The News Agency of Nigeria (NAN) reports that the committee has 28 members with AVM. Mohammed Umar (rtd) as its Chairman, and Maj.-Gen. A. Adewuyi as its Vice Chairman.
Speaking at the inauguration ceremony, Gusau said that the current National Defence Policy was promulgated in 2006.
“Since then the nation has undergone a lot of transformation in terms of developments as well as security challenges.
“There are also new developments and challenges in the global environment that had direct impact on our national defence and security.
“All these highlight the need for the review of the National Defence Policy in order to bring it in line with the new developments, emerging and anticipated threats and challenges.“
The minister drew the attention of the members to the terms of reference in the convening order and some fundamental issues for their consideration.
 He said that the 1999 Constitution 14(2)(b) states that the security and welfare of the people is primary purpose of government.

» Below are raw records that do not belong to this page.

(* Let $G$ be a star with one central vertex $\mathsf{v}_1$ and $N\ge2$ semi-infinite edges, of which $\mathsf{e}_1,\dots,\mathsf{e}_L$ ($1\le L<N$) are incoming and identified with $(-\infty,0]$ and $\mathsf{e}_{L+1},\dots,\mathsf{e}_N$ are outgoing and identified with $[0,\infty)$, the central vertex corresponding to $0$ on every edge. Consider on $G$ the system $$\partial_tu_i-a_i\partial_x^2\partial_tu_i+b_iu_i\partial_xu_i=0\ \text{ on }\mathsf{e}_i,\ t>0,\qquad u_j(t,0)=u_k(t,0)\ \ (1\le j,k\le N,\ t\ge0),$$ $$\sum_{i=1}^L a_i\partial_xu_i(t,0)-\sum_{i=L+1}^N a_i\partial_xu_i(t,0)=0\quad (t\ge0),$$ i.e. (BBMG) with all $d_i=0$, where $a_i>0$ and $b_i\in\mathbb{R}\setminus\{0\}$. Assume $$\sqrt{\frac{a_i}{a_1}}=\frac{b_i}{b_1}>0\quad\text{for all }1\le i\le N,\qquad\text{and}\qquad \sum_{i=1}^Lb_i=\sum_{j=L+1}^Nb_j.$$ Then for every $c_1>0$, setting $c_i=\sqrt{a_i/a_1}\,c_1$ for $1\le i\le N$, there exist real constants $\tau_i$ such that the function $u$ given on each edge by $u_i(t,x)=\varphi_i(x-c_it+\tau_i)$, where $$\varphi_i(z)=\frac{6c_i}{b_i}\cdot\frac{1}{1+\cosh\big(z/\sqrt{a_i}\big)},\qquad z\in\mathbb{R},$$ is a strong solution of this system.
   Context: A strong solution is a function $u$ which is continuous on the star for each $t$, with $u_i\in\mathcal{C}^{1,1}(\mathsf{e}_i\times[0,\infty))$ and $\partial_tu_i\in\mathcal{C}^{2,0}(\mathsf{e}_i\times[0,\infty))$ on each edge, and which satisfies the system pointwise. The profile $\varphi_i$ is the solitary wave $\frac{6(c-d)}{b}\big(1+\cosh(\sqrt{(c-d)/(ac)}\,z)\big)^{-1}$ with $a=a_i$, $b=b_i$, $c=c_i$, $d=0$. No conditions are imposed at infinity and no initial condition is imposed. *)

From Stdlib Require Import Reals Lra.
From Coquelicot Require Import Coquelicot.
Open Scope R_scope.

(* A function on the star graph: u i t x is the value on edge i (1 <= i <= N)
   at time t and position x. *)
Definition on_edge (L i : nat) (x : R) : Prop :=
  if (i <=? L)%nat then x <= 0 else 0 <= x.

Definition in_dom (L i : nat) (t x : R) : Prop := 0 <= t /\ on_edge L i x.

Definition pt (f : R -> R -> R) : R -> R -> R :=
  fun t x => Derive (fun s => f s x) t.
Definition px (f : R -> R -> R) : R -> R -> R :=
  fun t x => Derive (fun y => f t y) x.

Definition cont_on_dom (L i : nat) (f : R -> R -> R) : Prop :=
  forall t x, in_dom L i t x ->
  forall eps, 0 < eps -> exists delta, 0 < delta /\
    forall s y, in_dom L i s y -> Rabs (s - t) < delta -> Rabs (y - x) < delta ->
      Rabs (f s y - f t x) < eps.

Definition C11 (L i : nat) (f : R -> R -> R) : Prop :=
  (forall t x, in_dom L i t x ->
     ex_derive (fun s => f s x) t /\ ex_derive (fun y => f t y) x) /\
  cont_on_dom L i f /\ cont_on_dom L i (pt f) /\ cont_on_dom L i (px f).

Definition C20 (L i : nat) (f : R -> R -> R) : Prop :=
  (forall t x, in_dom L i t x ->
     ex_derive (fun y => f t y) x /\ ex_derive (fun y => px f t y) x) /\
  cont_on_dom L i f /\ cont_on_dom L i (px f) /\ cont_on_dom L i (px (px f)).

Definition strong_solution (N L : nat) (a b : nat -> R)
    (u : nat -> R -> R -> R) : Prop :=
  (forall i, (1 <= i <= N)%nat -> C11 L i (u i) /\ C20 L i (pt (u i))) /\
  (forall j k t, (1 <= j <= N)%nat -> (1 <= k <= N)%nat -> 0 <= t ->
     u j t 0 = u k t 0) /\
  (forall t, 0 <= t ->
     sum_n_m (fun i => a i * px (u i) t 0) 1 L
     - sum_n_m (fun i => a i * px (u i) t 0) (S L) N = 0) /\
  (forall i t x, (1 <= i <= N)%nat -> 0 < t -> on_edge L i x ->
     pt (u i) t x - a i * px (px (pt (u i))) t x
       + b i * u i t x * px (u i) t x = 0).

Definition profile (a b c d : R) (z : R) : R :=
  6 * (c - d) / b * / (1 + cosh (sqrt ((c - d) / (a * c)) * z)).

From Stdlib Require Import Reals Lra Lia FunctionalExtensionality.
From Coquelicot Require Import Coquelicot.
Open Scope R_scope.

(* On each edge the profile is the travelling wave B * bump (k_i (x - c_i t)) with
   bump y = 1 / (1 + cosh y), k_i = 1 / sqrt a_i and the amplitude B = 6 c_1 / b_1
   common to all edges.  Since bump'' = bump - 3 bump^2, such a wave solves the BBM
   equation on edge i as soon as a_i k_i^2 = 1 and b_i B = 6 c_i.  The scaling
   sqrt (a_i / a_1) = b_i / b_1 makes k_i c_i = c_1 / sqrt a_1 for every edge, so all
   the waves take the same value at the vertex, and makes a_i k_i proportional to b_i,
   so the Kirchhoff condition reduces to the balance of the b_i.  All shifts are 0. *)

Definition bump (y : R) : R := / (1 + cosh y).
Definition bump1 (y : R) : R := - sinh y / (1 + cosh y) ^ 2.
Definition bump2 (y : R) : R := (cosh y - 2) / (1 + cosh y) ^ 2.
Definition bump3 (y : R) : R := sinh y * (5 - cosh y) / (1 + cosh y) ^ 3.

Lemma one_add_cosh_pos (y : R) : 0 < 1 + cosh y.
Proof. unfold cosh; pose proof (exp_pos y); pose proof (exp_pos (- y)); lra. Qed.

Ltac derive_bump y :=
  pose proof (one_add_cosh_pos y); pose proof (exp_pos y);
  unfold cosh, sinh in *; auto_derive; rewrite ?exp_Ropp in *;
  [repeat split; nra | field; repeat split; nra].

Lemma is_derive_bump (y : R) : is_derive bump y (bump1 y).
Proof. unfold bump, bump1; derive_bump y. Qed.

Lemma is_derive_bump1 (y : R) : is_derive bump1 y (bump2 y).
Proof. unfold bump1, bump2; derive_bump y. Qed.

Lemma is_derive_bump2 (y : R) : is_derive bump2 y (bump3 y).
Proof. unfold bump2, bump3; derive_bump y. Qed.

(* The derivative of the profile equation bump2 = bump - 3 bump^2. *)
Lemma bump3_eq (y : R) : bump3 y = bump1 y - 6 * bump y * bump1 y.
Proof. pose proof (one_add_cosh_pos y); unfold bump, bump1, bump3; field; lra. Qed.

Lemma continuity_pt_is_derive (G G' : R -> R) :
  (forall y, is_derive G y (G' y)) -> forall y, continuity_pt G y.
Proof.
  intros HG y; apply derivable_continuous_pt.
  exists (G' y); apply is_derive_Reals, HG.
Qed.

Lemma continuity_pt_bump3 (y : R) : continuity_pt bump3 y.
Proof.
  apply derivable_continuous_pt, ex_derive_Reals_0.
  pose proof (one_add_cosh_pos y); pose proof (exp_pos y).
  unfold bump3, cosh, sinh in *; auto_derive; rewrite ?exp_Ropp in *.
  repeat apply Rmult_integral_contrapositive_currified; lra.
Qed.

Definition wave (G : R -> R) (B k c tau : R) : R -> R -> R :=
  fun t x => B * G (k * (x - c * t + tau)).

Lemma wave_at_vertex (G : R -> R) (B k c tau t : R) :
  wave G B k c tau t 0 = B * G (k * tau - k * c * t).
Proof. unfold wave; do 2 f_equal; ring. Qed.

Section WaveDerivatives.

Variables G G' : R -> R.
Hypothesis G_deriv : forall y, is_derive G y (G' y).

Lemma is_derive_wave_x (B k c tau t x : R) :
  is_derive (fun y => wave G B k c tau t y) x (wave G' (B * k) k c tau t x).
Proof.
  unfold wave; rewrite Rmult_assoc.
  apply is_derive_scal, (is_derive_comp G); [apply G_deriv | auto_derive; auto; ring].
Qed.

Lemma is_derive_wave_t (B k c tau t x : R) :
  is_derive (fun s => wave G B k c tau s x) t (wave G' (- (B * k * c)) k c tau t x).
Proof.
  unfold wave; replace (- (B * k * c)) with (B * (- (k * c))) by ring; rewrite Rmult_assoc.
  apply is_derive_scal, (is_derive_comp G); [apply G_deriv | auto_derive; auto; ring].
Qed.

Lemma px_wave (B k c tau : R) : px (wave G B k c tau) = wave G' (B * k) k c tau.
Proof.
  apply functional_extensionality; intros t; apply functional_extensionality; intros x.
  apply is_derive_unique, is_derive_wave_x.
Qed.

Lemma pt_wave (B k c tau : R) : pt (wave G B k c tau) = wave G' (- (B * k * c)) k c tau.
Proof.
  apply functional_extensionality; intros t; apply functional_extensionality; intros x.
  apply is_derive_unique, is_derive_wave_t.
Qed.

End WaveDerivatives.

Lemma continuity_2d_pt_wave (G : R -> R) (B k c tau t x : R) :
  (forall y, continuity_pt G y) -> continuity_2d_pt (wave G B k c tau) t x.
Proof.
  intros HG; apply continuity_2d_pt_mult; [apply continuity_2d_pt_const |].
  apply continuity_1d_2d_pt_comp; [apply HG |].
  apply continuity_2d_pt_mult; [apply continuity_2d_pt_const |].
  apply continuity_2d_pt_plus; [| apply continuity_2d_pt_const].
  apply continuity_2d_pt_minus; [apply continuity_2d_pt_id2 |].
  apply continuity_2d_pt_mult; [apply continuity_2d_pt_const | apply continuity_2d_pt_id1].
Qed.

Lemma cont_on_dom_wave (L i : nat) (G : R -> R) (B k c tau : R) :
  (forall y, continuity_pt G y) -> cont_on_dom L i (wave G B k c tau).
Proof.
  intros HG t x _ eps Heps.
  destruct (continuity_2d_pt_wave G B k c tau t x HG (mkposreal eps Heps)) as [delta Hdelta].
  exists delta; split; [apply cond_pos |].
  intros s y _; apply Hdelta.
Qed.

Lemma C11_wave (L i : nat) (G G' : R -> R) (B k c tau : R) :
  (forall y, is_derive G y (G' y)) -> (forall y, continuity_pt G' y) ->
  C11 L i (wave G B k c tau).
Proof.
  intros HG HG'; unfold C11; rewrite (pt_wave G G' HG), (px_wave G G' HG).
  split; [intros t x _; split; eexists; [apply is_derive_wave_t | apply is_derive_wave_x]; auto |].
  repeat split; apply cont_on_dom_wave; eauto using continuity_pt_is_derive.
Qed.

Lemma C20_wave (L i : nat) (G G' G'' : R -> R) (B k c tau : R) :
  (forall y, is_derive G y (G' y)) -> (forall y, is_derive G' y (G'' y)) ->
  (forall y, continuity_pt G'' y) -> C20 L i (wave G B k c tau).
Proof.
  intros HG HG' HG''; unfold C20; rewrite (px_wave G G' HG), (px_wave G' G'' HG').
  split; [intros t x _; split; eexists; apply is_derive_wave_x; eauto |].
  repeat split; apply cont_on_dom_wave; eauto using continuity_pt_is_derive.
Qed.

Lemma bump_wave_solves_bbm (a b B k c tau t x : R) :
  a * k ^ 2 = 1 -> b * B = 6 * c ->
  let u := wave bump B k c tau in
  pt u t x - a * px (px (pt u)) t x + b * u t x * px u t x = 0.
Proof.
  intros Hk Hamp u; unfold u.
  rewrite (pt_wave _ _ is_derive_bump), (px_wave _ _ is_derive_bump1),
    (px_wave _ _ is_derive_bump2), (px_wave _ _ is_derive_bump).
  unfold wave; rewrite bump3_eq.
  set (w := k * (x - c * t + tau)).
  transitivity (B * k * (- c * bump1 w + c * (a * k ^ 2) * (bump1 w - 6 * bump w * bump1 w)
                         + (b * B) * bump w * bump1 w)); [ring |].
  rewrite Hk, Hamp; ring.
Qed.

Lemma profile_wave (a b c tau : R) : 0 < a -> 0 < c ->
  (fun t x => profile a b c 0 (x - c * t + tau)) = wave bump (6 * c / b) (/ sqrt a) c tau.
Proof.
  intros Ha Hc; unfold profile, wave, bump.
  replace ((c - 0) / (a * c)) with (/ a) by (field; lra).
  rewrite Rminus_0_r, sqrt_inv; reflexivity.
Qed.

Lemma strong_solution_ext (N L : nat) (a b : nat -> R) (u v : nat -> R -> R -> R) :
  (L <= N)%nat -> (forall i, (1 <= i <= N)%nat -> u i = v i) ->
  strong_solution N L a b v -> strong_solution N L a b u.
Proof.
  intros HLN E [Hreg [Hvertex [Hkirchhoff Hbbm]]].
  split; [| split; [| split]].
  - intros i Hi; rewrite (E i Hi); auto.
  - intros j k t Hj Hk Ht; rewrite (E j Hj), (E k Hk); auto.
  - intros t Ht; rewrite (sum_n_m_ext_loc _ (fun i => a i * px (v i) t 0) 1 L),
      (sum_n_m_ext_loc _ (fun i => a i * px (v i) t 0) (S L) N)
      by (intros i Hi; rewrite (E i); [reflexivity | lia]).
    auto.
  - intros i t x Hi; rewrite (E i Hi); auto.
Qed.

Lemma bump_waves_strong_solution (N L : nat) (a b k c : nat -> R) (B s m : R) :
  (L <= N)%nat ->
  (forall i, (1 <= i <= N)%nat -> a i * k i ^ 2 = 1) ->
  (forall i, (1 <= i <= N)%nat -> b i * B = 6 * c i) ->
  (forall i, (1 <= i <= N)%nat -> k i * c i = s) ->
  (forall i, (1 <= i <= N)%nat -> a i * k i = m * b i) ->
  sum_n_m b 1 L = sum_n_m b (S L) N ->
  strong_solution N L a b (fun i => wave bump B (k i) (c i) 0).
Proof.
  intros HLN Hk Hamp Hspeed Hflux Hsum.
  assert (Hvertex : forall i t, (1 <= i <= N)%nat ->
            wave bump B (k i) (c i) 0 t 0 = B * bump (- (s * t))).
  { intros i t Hi; rewrite wave_at_vertex, <- (Hspeed i Hi); do 2 f_equal; ring. }
  assert (Hedge_flux : forall i t, (1 <= i <= N)%nat ->
            a i * px (wave bump B (k i) (c i) 0) t 0 = b i * (m * B * bump1 (- (s * t)))).
  { intros i t Hi; rewrite (px_wave _ _ is_derive_bump), wave_at_vertex, <- (Hspeed i Hi).
    replace (k i * 0 - k i * c i * t) with (- (k i * c i * t)) by ring.
    transitivity ((a i * k i) * B * bump1 (- (k i * c i * t))); [ring |].
    rewrite (Hflux i Hi); ring. }
  split; [| split; [| split]].
  - intros i Hi; split.
    + apply (C11_wave L i bump bump1); [apply is_derive_bump |].
      apply (continuity_pt_is_derive _ _ is_derive_bump1).
    + rewrite (pt_wave _ _ is_derive_bump).
      apply (C20_wave L i bump1 bump2 bump3);
        auto using is_derive_bump1, is_derive_bump2, continuity_pt_bump3.
  - intros j l t Hj Hl _; rewrite (Hvertex j t Hj), (Hvertex l t Hl); reflexivity.
  - intros t _.
    rewrite (sum_n_m_ext_loc _ (fun i => mult (b i) (m * B * bump1 (- (s * t)))) 1 L),
      (sum_n_m_ext_loc _ (fun i => mult (b i) (m * B * bump1 (- (s * t)))) (S L) N),
      !sum_n_m_mult_r by (intros i Hi; apply Hedge_flux; lia).
    apply Rminus_diag_eq; f_equal; exact Hsum.
  - intros i t x Hi _ _; apply bump_wave_solves_bbm; auto.
Qed.

Lemma mul_inv_sqrt_sq (a : R) : 0 < a -> a * (/ sqrt a) ^ 2 = 1.
Proof.
  intros Ha; pose proof (sqrt_lt_R0 a Ha); rewrite <- (sqrt_sqrt a) at 1 by lra.
  field; lra.
Qed.

Lemma inv_sqrt_mul_sqrt_div (a1 c1 a : R) :
  0 < a1 -> 0 < a -> / sqrt a * (sqrt (a / a1) * c1) = c1 / sqrt a1.
Proof.
  intros Ha1 Ha; pose proof (sqrt_lt_R0 a Ha); pose proof (sqrt_lt_R0 a1 Ha1).
  rewrite sqrt_div_alt by auto; field; lra.
Qed.

Section ScaledEdge.

Variables a1 b1 c1 a b : R.
Hypothesis a1_pos : 0 < a1.
Hypothesis b1_neq0 : b1 <> 0.
Hypothesis a_pos : 0 < a.
Hypothesis b_neq0 : b <> 0.
Hypothesis scaling : sqrt (a / a1) = b / b1.

Lemma scaled_edge_amplitude : 6 * (sqrt (a / a1) * c1) / b = 6 * c1 / b1.
Proof. rewrite scaling; field; auto. Qed.

Lemma scaled_edge_flux : a * / sqrt a = sqrt a1 / b1 * b.
Proof.
  pose proof (sqrt_lt_R0 a a_pos); pose proof (sqrt_lt_R0 a1 a1_pos).
  replace b with (b / b1 * b1) by (field; auto).
  rewrite <- scaling, sqrt_div_alt by auto.
  rewrite <- (sqrt_sqrt a) at 1 by lra.
  field; lra.
Qed.

End ScaledEdge.

Theorem theorem5p1 (N L : nat) (a b : nat -> R) (c1 : R) :
  (2 <= N)%nat -> (1 <= L)%nat -> (L < N)%nat ->
  (forall i, (1 <= i <= N)%nat -> 0 < a i) ->
  (forall i, (1 <= i <= N)%nat -> b i <> 0) ->
  (forall i, (1 <= i <= N)%nat -> sqrt (a i / a 1%nat) = b i / b 1%nat) ->
  (forall i, (1 <= i <= N)%nat -> 0 < b i / b 1%nat) ->
  sum_n_m b 1 L = sum_n_m b (S L) N ->
  0 < c1 ->
  let c := fun i : nat => sqrt (a i / a 1%nat) * c1 in
  exists tau : nat -> R,
    strong_solution N L a b
      (fun i t x => profile (a i) (b i) (c i) 0 (x - c i * t + tau i)).
Proof.
  intros _ _ HLN Ha Hb Hscale _ Hsum Hc1 c.
  assert (H1 : (1 <= 1 <= N)%nat) by lia.
  exists (fun _ => 0).
  apply (strong_solution_ext N L a b _
           (fun i => wave bump (6 * c1 / b 1%nat) (/ sqrt (a i)) (c i) 0)); [lia | |].
  - intros i Hi.
    assert (Hci : 0 < c i)
      by (apply Rmult_lt_0_compat; auto; apply sqrt_lt_R0, Rdiv_lt_0_compat; auto).
    rewrite profile_wave by auto.
    unfold c at 1; rewrite (scaled_edge_amplitude (a 1%nat) (b 1%nat)); auto.
  - apply (bump_waves_strong_solution N L a b (fun i => / sqrt (a i)) c _
             (c1 / sqrt (a 1%nat)) (sqrt (a 1%nat) / b 1%nat)).
    + lia.
    + intros i Hi; apply mul_inv_sqrt_sq; auto.
    + intros i Hi.
      rewrite <- (scaled_edge_amplitude (a 1%nat) (b 1%nat) c1 (a i) (b i)); auto.
      unfold c; field; auto.
    + intros i Hi; apply inv_sqrt_mul_sqrt_div; auto.
    + intros i Hi; apply scaled_edge_flux; auto.
    + exact Hsum.
Qed.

Section 14(2)(c) states that the participation of the people in their government shall be ensured.
He said that security embodied the defence of sovereignty, but the constitution was silent on how people should participate in defending the country.
The minister also drew the attention of the members to the mention of the Armed Forces of the Federation in Section 217(1&2) of the Constitution under the Executive, saying that it did not capture the concept of total defence which most countries had adopted.
According to him, this myopia results in the conceptualisation and implementation of the defence policy as that which affect the armed forces primarily, adding that such an idea was inconsistent with the culture of participatory democracy.
“Recent challenges suggest that the Armed Forces of Nigeria had not met the intent of the Constitution for “adequate and effective management for defence aggression, maintenance of territorial integrity and the suppression of insurrection.
“Illegality has resulted through the ad-hoc creation of armed militias to fill the gaps created by the inadequacies of official police and armed forces.
“Fresh thinking is required to create an effective policy on national defence to meet present and future challenges.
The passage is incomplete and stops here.